The Kedro viz tool can be used to visualize Kedro pipelines. To use it, first install it in the project environment via pip.
pip install kedro-viz
Then, from the top-level ML-airport-departure-runway/
directory, visualize a pipeline by providing its name after the --pipeline
command line interface command.
For example, the command below will launch a browser with an interactive visualization of the training and testing pipeline.
kedro viz --pipeline ds
The ML-airport-departure-runway code is released under the NASA Open Source Agreement Version 1.3 license
Copyright © 2021 United States Government as represented by the Administrator of the National Aeronautics and Space Administration.
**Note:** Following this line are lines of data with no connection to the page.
(* Let $f_1,f_2:\mathbb{R}^n\to[-\infty,\infty]$ be proper nearly convex functions with $\operatorname{ri}(\operatorname{dom} f_1)\cap\operatorname{ri}(\operatorname{dom} f_2)\neq\emptyset$. Then $(f_1+f_2)^*(w)=(f_1^*\square f_2^* )(w)$ for all $w\in\mathbb{R}^n$. Moreover, if $(f_1+f_2)^*(w)\in\mathbb{R}$, there exist $w_1,w_2\in\mathbb{R}^n$ with $w=w_1+w_2$ and $(f_1+f_2)^*(w)=f_1^*(w_1)+f_2^*(w_2)$.
   Context: A set $\Omega$ is nearly convex if there is a convex set $C$ with $C\subset\Omega\subset\overline{C}$; $\operatorname{ri}\Omega=\{a\in\Omega:\exists\delta>0,\ B(a;\delta)\cap\operatorname{aff}\Omega\subset\Omega\}$. A function $f$ is nearly convex if $\operatorname{epi}f=\{(x,\lambda):f(x)\le\lambda\}$ is nearly convex, proper if $\operatorname{dom}f=\{f<\infty\}\neq\emptyset$ and $f>-\infty$. Fenchel conjugate: $f^*(w)=\sup_x\{\langle w,x\rangle-f(x)\}$. Infimal convolution: $(g\square h)(w)=\inf\{g(w_1)+h(w_2):w_1+w_2=w\}$. *)

From mathcomp Require Import all_boot all_order all_algebra.
From mathcomp Require Import all_classical all_reals all_analysis.
Set Implicit Arguments. Unset Strict Implicit. Unset Printing Implicit Defensive.
Import Order.TTheory GRing.Theory Num.Theory.
Import numFieldNormedType.Exports.
Local Open Scope classical_set_scope.
Local Open Scope ring_scope.

Section Defs.
Variables (R : realType) (n : nat).

Definition dotp (u v : 'rV[R]_n) : R := \sum_(i < n) u 0 i * v 0 i.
All Rights Reserved.
No Warranty: THE SUBJECT SOFTWARE IS PROVIDED "AS IS" WITHOUT ANY WARRANTY OF ANY KIND, EITHER EXPRESSED, IMPLIED, OR STATUTORY, INCLUDING, BUT NOT LIMITED TO, ANY WARRANTY THAT THE SUBJECT SOFTWARE WILL CONFORM TO SPECIFICATIONS, ANY IMPLIED WARRANTIES OF MERCHANTABILITY, FITNESS FOR A PARTICULAR PURPOSE, OR FREEDOM FROM INFRINGEMENT, ANY WARRANTY THAT THE SUBJECT SOFTWARE WILL BE ERROR FREE, OR ANY WARRANTY THAT DOCUMENTATION, IF PROVIDED, WILL CONFORM TO THE SUBJECT SOFTWARE. THIS AGREEMENT DOES NOT, IN ANY MANNER, CONSTITUTE AN ENDORSEMENT BY GOVERNMENT AGENCY OR ANY PRIOR RECIPIENT OF ANY RESULTS, RESULTING DESIGNS, HARDWARE, SOFTWARE PRODUCTS OR ANY OTHER APPLICATIONS RESULTING FROM USE OF THE SUBJECT SOFTWARE. FURTHER, GOVERNMENT AGENCY DISCLAIMS ALL WARRANTIES AND LIABILITIES REGARDING THIRD-PARTY SOFTWARE, IF PRESENT IN THE ORIGINAL SOFTWARE, AND DISTRIBUTES IT "AS IS."
Waiver and Indemnity: RECIPIENT AGREES TO WAIVE ANY AND ALL CLAIMS AGAINST THE UNITED STATES GOVERNMENT, ITS CONTRACTORS AND SUBCONTRACTORS, AS WELL AS ANY PRIOR RECIPIENT. IF RECIPIENT'S USE OF THE SUBJECT SOFTWARE RESULTS IN ANY LIABILITIES, DEMANDS, DAMAGES, EXPENSES OR LOSSES ARISING FROM SUCH USE, INCLUDING ANY DAMAGES FROM PRODUCTS BASED ON, OR RESULTING FROM, RECIPIENT'S USE OF THE SUBJECT SOFTWARE, RECIPIENT SHALL INDEMNIFY AND HOLD HARMLESS THE UNITED STATES GOVERNMENT, ITS CONTRACTORS AND SUBCONTRACTORS, AS WELL AS ANY PRIOR RECIPIENT, TO THE EXTENT PERMITTED BY LAW. RECIPIENT'S SOLE REMEDY FOR ANY SUCH MATTER SHALL BE THE IMMEDIATE, UNILATERAL TERMINATION OF THIS AGREEMENT.